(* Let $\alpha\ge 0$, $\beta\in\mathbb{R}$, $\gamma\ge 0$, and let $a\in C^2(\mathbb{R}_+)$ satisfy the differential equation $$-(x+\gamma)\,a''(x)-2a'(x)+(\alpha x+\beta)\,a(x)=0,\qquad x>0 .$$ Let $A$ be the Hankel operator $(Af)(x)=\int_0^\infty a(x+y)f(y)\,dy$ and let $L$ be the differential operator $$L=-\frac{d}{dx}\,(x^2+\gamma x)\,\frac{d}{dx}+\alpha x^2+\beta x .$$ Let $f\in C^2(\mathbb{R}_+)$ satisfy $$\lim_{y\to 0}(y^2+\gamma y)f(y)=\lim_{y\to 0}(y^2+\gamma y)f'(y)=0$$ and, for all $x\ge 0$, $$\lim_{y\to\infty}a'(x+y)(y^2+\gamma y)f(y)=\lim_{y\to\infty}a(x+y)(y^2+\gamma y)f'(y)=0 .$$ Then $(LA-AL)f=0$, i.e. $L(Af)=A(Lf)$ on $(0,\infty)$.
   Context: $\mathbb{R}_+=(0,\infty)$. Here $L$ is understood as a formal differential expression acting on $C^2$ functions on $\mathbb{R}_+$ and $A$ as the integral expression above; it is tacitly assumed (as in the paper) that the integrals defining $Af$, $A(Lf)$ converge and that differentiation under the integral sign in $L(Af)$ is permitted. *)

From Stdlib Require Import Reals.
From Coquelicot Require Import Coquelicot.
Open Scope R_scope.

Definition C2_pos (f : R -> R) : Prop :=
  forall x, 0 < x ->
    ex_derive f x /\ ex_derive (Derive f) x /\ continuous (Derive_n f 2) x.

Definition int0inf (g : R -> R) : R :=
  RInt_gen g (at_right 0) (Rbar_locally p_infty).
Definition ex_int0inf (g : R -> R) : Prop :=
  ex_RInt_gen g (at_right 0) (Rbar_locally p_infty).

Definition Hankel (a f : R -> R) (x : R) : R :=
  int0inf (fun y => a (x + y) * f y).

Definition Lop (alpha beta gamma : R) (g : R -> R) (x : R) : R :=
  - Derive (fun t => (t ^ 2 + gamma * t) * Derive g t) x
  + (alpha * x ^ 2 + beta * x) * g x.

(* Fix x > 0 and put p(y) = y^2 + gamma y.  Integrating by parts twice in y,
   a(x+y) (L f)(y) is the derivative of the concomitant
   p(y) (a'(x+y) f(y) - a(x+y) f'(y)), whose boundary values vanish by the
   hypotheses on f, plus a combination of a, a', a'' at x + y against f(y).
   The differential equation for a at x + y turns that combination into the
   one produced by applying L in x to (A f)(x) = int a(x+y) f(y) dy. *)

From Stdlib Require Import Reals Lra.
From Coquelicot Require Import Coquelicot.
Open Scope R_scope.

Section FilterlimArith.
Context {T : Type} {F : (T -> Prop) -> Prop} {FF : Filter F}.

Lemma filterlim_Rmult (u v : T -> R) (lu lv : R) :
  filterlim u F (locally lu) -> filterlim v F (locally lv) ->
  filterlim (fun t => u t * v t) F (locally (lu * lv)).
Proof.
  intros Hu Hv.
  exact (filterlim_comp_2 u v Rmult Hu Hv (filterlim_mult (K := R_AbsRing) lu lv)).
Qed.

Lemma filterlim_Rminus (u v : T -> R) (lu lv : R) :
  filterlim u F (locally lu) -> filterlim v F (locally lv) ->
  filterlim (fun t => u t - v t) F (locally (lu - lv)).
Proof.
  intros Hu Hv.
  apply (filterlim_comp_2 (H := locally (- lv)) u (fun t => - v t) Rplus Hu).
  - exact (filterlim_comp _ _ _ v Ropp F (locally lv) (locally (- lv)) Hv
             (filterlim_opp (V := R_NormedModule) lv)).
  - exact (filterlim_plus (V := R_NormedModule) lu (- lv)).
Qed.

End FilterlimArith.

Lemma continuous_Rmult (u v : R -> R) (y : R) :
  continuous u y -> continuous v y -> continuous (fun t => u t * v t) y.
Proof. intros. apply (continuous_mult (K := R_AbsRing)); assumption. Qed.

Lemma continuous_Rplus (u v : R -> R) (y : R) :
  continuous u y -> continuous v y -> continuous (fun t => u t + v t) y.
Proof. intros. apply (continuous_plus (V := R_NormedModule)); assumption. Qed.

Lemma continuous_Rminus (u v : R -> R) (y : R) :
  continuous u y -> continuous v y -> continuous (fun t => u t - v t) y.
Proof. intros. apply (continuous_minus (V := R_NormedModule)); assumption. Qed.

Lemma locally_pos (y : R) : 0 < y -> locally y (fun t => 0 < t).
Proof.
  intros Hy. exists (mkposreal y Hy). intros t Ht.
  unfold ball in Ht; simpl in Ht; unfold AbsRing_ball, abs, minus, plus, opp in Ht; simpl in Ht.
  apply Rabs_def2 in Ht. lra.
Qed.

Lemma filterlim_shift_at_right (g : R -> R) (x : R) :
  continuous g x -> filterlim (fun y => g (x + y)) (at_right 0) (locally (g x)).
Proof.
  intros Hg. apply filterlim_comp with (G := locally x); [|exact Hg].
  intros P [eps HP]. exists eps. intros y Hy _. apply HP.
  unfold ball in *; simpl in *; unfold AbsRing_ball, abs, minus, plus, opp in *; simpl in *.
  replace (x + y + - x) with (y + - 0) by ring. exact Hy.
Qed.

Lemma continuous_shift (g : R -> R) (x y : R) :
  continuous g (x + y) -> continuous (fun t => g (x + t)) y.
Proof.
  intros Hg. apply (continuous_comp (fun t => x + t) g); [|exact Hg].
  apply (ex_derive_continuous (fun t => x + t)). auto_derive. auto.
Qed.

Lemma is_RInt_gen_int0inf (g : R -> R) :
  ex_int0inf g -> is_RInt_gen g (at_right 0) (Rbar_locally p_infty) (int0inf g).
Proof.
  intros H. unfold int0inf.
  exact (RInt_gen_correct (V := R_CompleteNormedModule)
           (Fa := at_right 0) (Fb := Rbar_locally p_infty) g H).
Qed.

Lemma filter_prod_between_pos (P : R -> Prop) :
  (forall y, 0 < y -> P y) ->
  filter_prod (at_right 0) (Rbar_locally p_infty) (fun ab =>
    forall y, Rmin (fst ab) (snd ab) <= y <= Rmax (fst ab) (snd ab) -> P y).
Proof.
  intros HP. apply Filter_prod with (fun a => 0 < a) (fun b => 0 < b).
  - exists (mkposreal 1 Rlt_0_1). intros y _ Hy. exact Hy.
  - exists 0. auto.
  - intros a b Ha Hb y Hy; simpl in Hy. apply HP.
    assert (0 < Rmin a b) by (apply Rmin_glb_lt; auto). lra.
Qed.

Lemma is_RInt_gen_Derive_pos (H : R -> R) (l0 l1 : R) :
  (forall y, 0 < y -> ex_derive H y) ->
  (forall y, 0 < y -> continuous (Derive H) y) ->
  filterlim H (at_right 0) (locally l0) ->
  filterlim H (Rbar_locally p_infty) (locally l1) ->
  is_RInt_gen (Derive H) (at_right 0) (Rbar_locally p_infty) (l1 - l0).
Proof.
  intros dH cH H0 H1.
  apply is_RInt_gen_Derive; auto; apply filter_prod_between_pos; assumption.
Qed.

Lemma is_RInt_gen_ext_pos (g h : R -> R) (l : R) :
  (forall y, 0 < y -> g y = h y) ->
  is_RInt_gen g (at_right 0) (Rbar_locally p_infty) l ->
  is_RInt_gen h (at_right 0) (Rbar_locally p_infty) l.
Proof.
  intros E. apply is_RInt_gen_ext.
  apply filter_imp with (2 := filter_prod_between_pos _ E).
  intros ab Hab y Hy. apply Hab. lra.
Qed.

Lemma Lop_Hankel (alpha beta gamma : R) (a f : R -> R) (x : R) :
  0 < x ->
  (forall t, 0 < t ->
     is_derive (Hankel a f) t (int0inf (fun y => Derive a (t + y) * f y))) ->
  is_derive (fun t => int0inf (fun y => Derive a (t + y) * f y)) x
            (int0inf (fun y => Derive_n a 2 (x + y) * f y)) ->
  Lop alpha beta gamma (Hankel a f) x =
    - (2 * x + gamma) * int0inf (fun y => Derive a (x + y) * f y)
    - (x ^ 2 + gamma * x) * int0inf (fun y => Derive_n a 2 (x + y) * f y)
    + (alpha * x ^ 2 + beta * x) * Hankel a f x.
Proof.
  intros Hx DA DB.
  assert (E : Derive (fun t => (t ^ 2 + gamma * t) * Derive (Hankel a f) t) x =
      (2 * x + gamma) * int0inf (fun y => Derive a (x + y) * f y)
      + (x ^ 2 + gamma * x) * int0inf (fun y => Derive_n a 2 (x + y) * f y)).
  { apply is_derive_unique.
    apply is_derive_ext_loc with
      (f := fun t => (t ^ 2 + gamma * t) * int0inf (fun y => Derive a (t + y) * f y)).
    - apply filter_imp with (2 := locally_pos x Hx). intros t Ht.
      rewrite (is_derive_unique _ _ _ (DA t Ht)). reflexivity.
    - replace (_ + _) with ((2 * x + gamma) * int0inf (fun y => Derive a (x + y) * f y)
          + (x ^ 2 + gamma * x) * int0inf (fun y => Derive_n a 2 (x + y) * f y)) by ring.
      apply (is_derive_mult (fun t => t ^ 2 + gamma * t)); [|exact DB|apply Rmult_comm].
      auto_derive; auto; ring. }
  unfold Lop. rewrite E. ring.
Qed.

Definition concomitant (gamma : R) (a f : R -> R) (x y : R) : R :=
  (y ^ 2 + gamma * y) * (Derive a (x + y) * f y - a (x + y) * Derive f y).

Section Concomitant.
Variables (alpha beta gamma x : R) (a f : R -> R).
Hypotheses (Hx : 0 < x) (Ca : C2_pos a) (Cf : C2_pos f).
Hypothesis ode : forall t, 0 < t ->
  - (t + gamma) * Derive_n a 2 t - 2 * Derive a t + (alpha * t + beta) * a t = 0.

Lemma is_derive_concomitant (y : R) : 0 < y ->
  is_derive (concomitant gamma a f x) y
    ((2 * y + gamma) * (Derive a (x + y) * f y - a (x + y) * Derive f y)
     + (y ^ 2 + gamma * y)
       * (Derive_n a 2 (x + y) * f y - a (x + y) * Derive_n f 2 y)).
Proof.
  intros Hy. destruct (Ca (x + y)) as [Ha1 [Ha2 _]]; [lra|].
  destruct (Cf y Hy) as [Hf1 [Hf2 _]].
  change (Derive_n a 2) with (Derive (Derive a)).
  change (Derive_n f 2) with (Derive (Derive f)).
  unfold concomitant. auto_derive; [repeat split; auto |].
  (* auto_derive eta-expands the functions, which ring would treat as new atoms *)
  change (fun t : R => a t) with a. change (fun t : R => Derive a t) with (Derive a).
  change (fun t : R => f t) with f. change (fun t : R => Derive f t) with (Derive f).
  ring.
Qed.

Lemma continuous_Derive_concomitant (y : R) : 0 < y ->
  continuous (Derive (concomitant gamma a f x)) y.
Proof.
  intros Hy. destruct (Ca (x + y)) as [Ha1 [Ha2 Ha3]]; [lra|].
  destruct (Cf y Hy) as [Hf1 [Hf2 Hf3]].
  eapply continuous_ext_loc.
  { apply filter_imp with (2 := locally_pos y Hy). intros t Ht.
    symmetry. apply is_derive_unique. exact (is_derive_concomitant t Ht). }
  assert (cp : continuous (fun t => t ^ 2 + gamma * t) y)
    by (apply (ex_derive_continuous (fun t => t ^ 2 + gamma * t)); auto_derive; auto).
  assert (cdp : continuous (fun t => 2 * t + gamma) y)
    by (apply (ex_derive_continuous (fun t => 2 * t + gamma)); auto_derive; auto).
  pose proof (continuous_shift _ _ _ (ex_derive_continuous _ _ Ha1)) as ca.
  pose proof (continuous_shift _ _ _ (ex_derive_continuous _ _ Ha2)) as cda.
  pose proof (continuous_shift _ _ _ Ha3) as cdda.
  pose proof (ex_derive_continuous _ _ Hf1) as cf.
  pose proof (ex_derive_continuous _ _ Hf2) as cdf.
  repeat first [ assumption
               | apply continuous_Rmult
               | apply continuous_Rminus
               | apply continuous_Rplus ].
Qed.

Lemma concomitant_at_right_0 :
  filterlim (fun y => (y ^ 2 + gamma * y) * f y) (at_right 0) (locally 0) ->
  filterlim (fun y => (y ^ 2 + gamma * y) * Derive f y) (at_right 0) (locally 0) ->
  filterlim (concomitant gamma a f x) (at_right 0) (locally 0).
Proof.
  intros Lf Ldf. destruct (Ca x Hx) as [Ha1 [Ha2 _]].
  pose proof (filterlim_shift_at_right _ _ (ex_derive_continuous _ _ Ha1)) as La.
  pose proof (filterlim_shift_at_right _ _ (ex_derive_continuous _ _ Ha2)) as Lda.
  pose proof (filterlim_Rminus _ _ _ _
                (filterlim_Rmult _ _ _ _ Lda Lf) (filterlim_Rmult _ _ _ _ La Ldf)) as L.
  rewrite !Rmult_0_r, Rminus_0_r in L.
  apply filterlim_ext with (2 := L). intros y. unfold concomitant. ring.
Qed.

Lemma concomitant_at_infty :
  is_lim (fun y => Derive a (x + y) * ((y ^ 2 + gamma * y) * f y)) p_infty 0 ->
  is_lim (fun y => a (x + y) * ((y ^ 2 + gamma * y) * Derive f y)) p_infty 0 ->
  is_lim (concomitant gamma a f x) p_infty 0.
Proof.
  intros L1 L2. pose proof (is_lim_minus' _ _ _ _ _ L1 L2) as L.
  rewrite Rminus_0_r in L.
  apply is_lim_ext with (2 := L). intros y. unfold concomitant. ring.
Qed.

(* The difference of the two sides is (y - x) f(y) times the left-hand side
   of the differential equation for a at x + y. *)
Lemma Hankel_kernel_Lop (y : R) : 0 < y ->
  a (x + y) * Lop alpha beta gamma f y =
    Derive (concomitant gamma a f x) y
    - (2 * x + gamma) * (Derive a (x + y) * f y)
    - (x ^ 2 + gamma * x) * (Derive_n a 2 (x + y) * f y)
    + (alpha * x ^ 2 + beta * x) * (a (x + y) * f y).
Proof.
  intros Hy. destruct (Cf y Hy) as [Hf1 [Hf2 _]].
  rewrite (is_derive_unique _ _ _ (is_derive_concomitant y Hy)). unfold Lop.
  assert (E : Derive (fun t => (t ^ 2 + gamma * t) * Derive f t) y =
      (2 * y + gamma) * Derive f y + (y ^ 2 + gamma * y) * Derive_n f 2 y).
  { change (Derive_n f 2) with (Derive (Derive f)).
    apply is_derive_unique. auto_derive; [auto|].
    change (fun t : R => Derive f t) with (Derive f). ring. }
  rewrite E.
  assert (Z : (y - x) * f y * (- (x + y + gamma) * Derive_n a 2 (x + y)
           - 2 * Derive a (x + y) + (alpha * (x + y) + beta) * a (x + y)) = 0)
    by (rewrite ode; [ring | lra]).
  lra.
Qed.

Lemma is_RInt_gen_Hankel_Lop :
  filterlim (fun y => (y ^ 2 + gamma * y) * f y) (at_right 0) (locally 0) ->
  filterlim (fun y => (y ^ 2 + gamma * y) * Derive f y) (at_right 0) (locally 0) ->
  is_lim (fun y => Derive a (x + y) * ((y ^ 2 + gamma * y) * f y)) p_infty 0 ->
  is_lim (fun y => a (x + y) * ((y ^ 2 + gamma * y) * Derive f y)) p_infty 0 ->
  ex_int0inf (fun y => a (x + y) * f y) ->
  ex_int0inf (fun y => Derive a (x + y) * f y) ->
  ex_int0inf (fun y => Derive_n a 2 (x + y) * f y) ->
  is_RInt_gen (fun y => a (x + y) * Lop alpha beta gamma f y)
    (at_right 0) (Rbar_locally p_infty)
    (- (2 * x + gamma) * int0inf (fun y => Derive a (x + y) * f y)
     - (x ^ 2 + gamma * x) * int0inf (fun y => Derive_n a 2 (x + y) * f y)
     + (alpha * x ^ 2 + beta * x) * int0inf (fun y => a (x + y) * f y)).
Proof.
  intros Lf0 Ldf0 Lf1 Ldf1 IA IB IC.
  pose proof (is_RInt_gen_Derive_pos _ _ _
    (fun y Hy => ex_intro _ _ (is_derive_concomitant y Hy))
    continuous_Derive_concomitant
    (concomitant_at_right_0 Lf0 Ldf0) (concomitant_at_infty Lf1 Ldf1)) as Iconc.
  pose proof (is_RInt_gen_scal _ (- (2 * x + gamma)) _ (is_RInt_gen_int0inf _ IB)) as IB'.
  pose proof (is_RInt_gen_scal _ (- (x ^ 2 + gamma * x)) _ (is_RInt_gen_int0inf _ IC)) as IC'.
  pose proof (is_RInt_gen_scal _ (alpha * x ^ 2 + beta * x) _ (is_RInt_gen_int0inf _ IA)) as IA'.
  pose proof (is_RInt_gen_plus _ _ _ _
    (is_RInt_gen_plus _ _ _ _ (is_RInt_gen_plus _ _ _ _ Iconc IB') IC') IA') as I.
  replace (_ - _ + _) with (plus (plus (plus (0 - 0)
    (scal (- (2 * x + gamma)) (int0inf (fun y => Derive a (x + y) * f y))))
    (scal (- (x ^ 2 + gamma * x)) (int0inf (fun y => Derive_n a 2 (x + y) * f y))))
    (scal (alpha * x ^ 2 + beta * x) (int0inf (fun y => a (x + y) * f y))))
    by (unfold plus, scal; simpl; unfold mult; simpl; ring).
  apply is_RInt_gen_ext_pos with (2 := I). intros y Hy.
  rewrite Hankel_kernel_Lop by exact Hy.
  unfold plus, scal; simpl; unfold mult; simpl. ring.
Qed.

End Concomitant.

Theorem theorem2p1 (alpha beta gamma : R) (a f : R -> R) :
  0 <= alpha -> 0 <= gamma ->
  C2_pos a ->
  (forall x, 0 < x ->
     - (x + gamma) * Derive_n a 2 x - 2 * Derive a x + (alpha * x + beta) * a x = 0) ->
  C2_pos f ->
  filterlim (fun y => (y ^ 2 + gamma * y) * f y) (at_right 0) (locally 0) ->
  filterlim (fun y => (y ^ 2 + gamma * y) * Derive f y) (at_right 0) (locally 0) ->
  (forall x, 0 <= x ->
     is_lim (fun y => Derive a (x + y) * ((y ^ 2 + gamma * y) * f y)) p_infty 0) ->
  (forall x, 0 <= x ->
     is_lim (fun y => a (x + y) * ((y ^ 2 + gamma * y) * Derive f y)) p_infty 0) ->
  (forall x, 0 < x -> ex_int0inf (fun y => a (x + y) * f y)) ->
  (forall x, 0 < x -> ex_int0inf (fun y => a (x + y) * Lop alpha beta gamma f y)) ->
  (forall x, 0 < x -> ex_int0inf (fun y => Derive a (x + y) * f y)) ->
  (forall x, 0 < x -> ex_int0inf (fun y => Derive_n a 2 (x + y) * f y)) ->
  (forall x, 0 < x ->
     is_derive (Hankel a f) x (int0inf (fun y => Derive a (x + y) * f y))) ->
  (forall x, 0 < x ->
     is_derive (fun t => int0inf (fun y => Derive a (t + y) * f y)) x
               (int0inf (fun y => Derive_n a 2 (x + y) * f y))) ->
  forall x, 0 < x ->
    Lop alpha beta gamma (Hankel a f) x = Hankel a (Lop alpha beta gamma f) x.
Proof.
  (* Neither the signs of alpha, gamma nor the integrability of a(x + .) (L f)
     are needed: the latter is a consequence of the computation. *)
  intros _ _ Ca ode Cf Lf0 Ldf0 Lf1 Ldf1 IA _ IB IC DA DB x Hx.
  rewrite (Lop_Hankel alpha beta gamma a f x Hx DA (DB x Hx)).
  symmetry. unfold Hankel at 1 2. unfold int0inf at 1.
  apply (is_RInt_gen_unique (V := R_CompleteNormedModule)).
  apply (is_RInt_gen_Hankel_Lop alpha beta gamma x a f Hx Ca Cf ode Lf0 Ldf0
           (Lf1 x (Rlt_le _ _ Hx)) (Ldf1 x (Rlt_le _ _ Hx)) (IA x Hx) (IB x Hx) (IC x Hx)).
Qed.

AIM OF THE EXERCISE:
Set down exactly the lines from the opening line of the material through the line in which "beta * x) * g x." occurs, both included, and no other lines.

ANSWER FOR THE TASK:
(* Let $\alpha\ge 0$, $\beta\in\mathbb{R}$, $\gamma\ge 0$, and let $a\in C^2(\mathbb{R}_+)$ satisfy the differential equation $$-(x+\gamma)\,a''(x)-2a'(x)+(\alpha x+\beta)\,a(x)=0,\qquad x>0 .$$ Let $A$ be the Hankel operator $(Af)(x)=\int_0^\infty a(x+y)f(y)\,dy$ and let $L$ be the differential operator $$L=-\frac{d}{dx}\,(x^2+\gamma x)\,\frac{d}{dx}+\alpha x^2+\beta x .$$ Let $f\in C^2(\mathbb{R}_+)$ satisfy $$\lim_{y\to 0}(y^2+\gamma y)f(y)=\lim_{y\to 0}(y^2+\gamma y)f'(y)=0$$ and, for all $x\ge 0$, $$\lim_{y\to\infty}a'(x+y)(y^2+\gamma y)f(y)=\lim_{y\to\infty}a(x+y)(y^2+\gamma y)f'(y)=0 .$$ Then $(LA-AL)f=0$, i.e. $L(Af)=A(Lf)$ on $(0,\infty)$.
   Context: $\mathbb{R}_+=(0,\infty)$. Here $L$ is understood as a formal differential expression acting on $C^2$ functions on $\mathbb{R}_+$ and $A$ as the integral expression above; it is tacitly assumed (as in the paper) that the integrals defining $Af$, $A(Lf)$ converge and that differentiation under the integral sign in $L(Af)$ is permitted. *)

From Stdlib Require Import Reals.
From Coquelicot Require Import Coquelicot.
Open Scope R_scope.

Definition C2_pos (f : R -> R) : Prop :=
  forall x, 0 < x ->
    ex_derive f x /\ ex_derive (Derive f) x /\ continuous (Derive_n f 2) x.

Definition int0inf (g : R -> R) : R :=
  RInt_gen g (at_right 0) (Rbar_locally p_infty).
Definition ex_int0inf (g : R -> R) : Prop :=
  ex_RInt_gen g (at_right 0) (Rbar_locally p_infty).

Definition Hankel (a f : R -> R) (x : R) : R :=
  int0inf (fun y => a (x + y) * f y).

Definition Lop (alpha beta gamma : R) (g : R -> R) (x : R) : R :=
  - Derive (fun t => (t ^ 2 + gamma * t) * Derive g t) x
  + (alpha * x ^ 2 + beta * x) * g x.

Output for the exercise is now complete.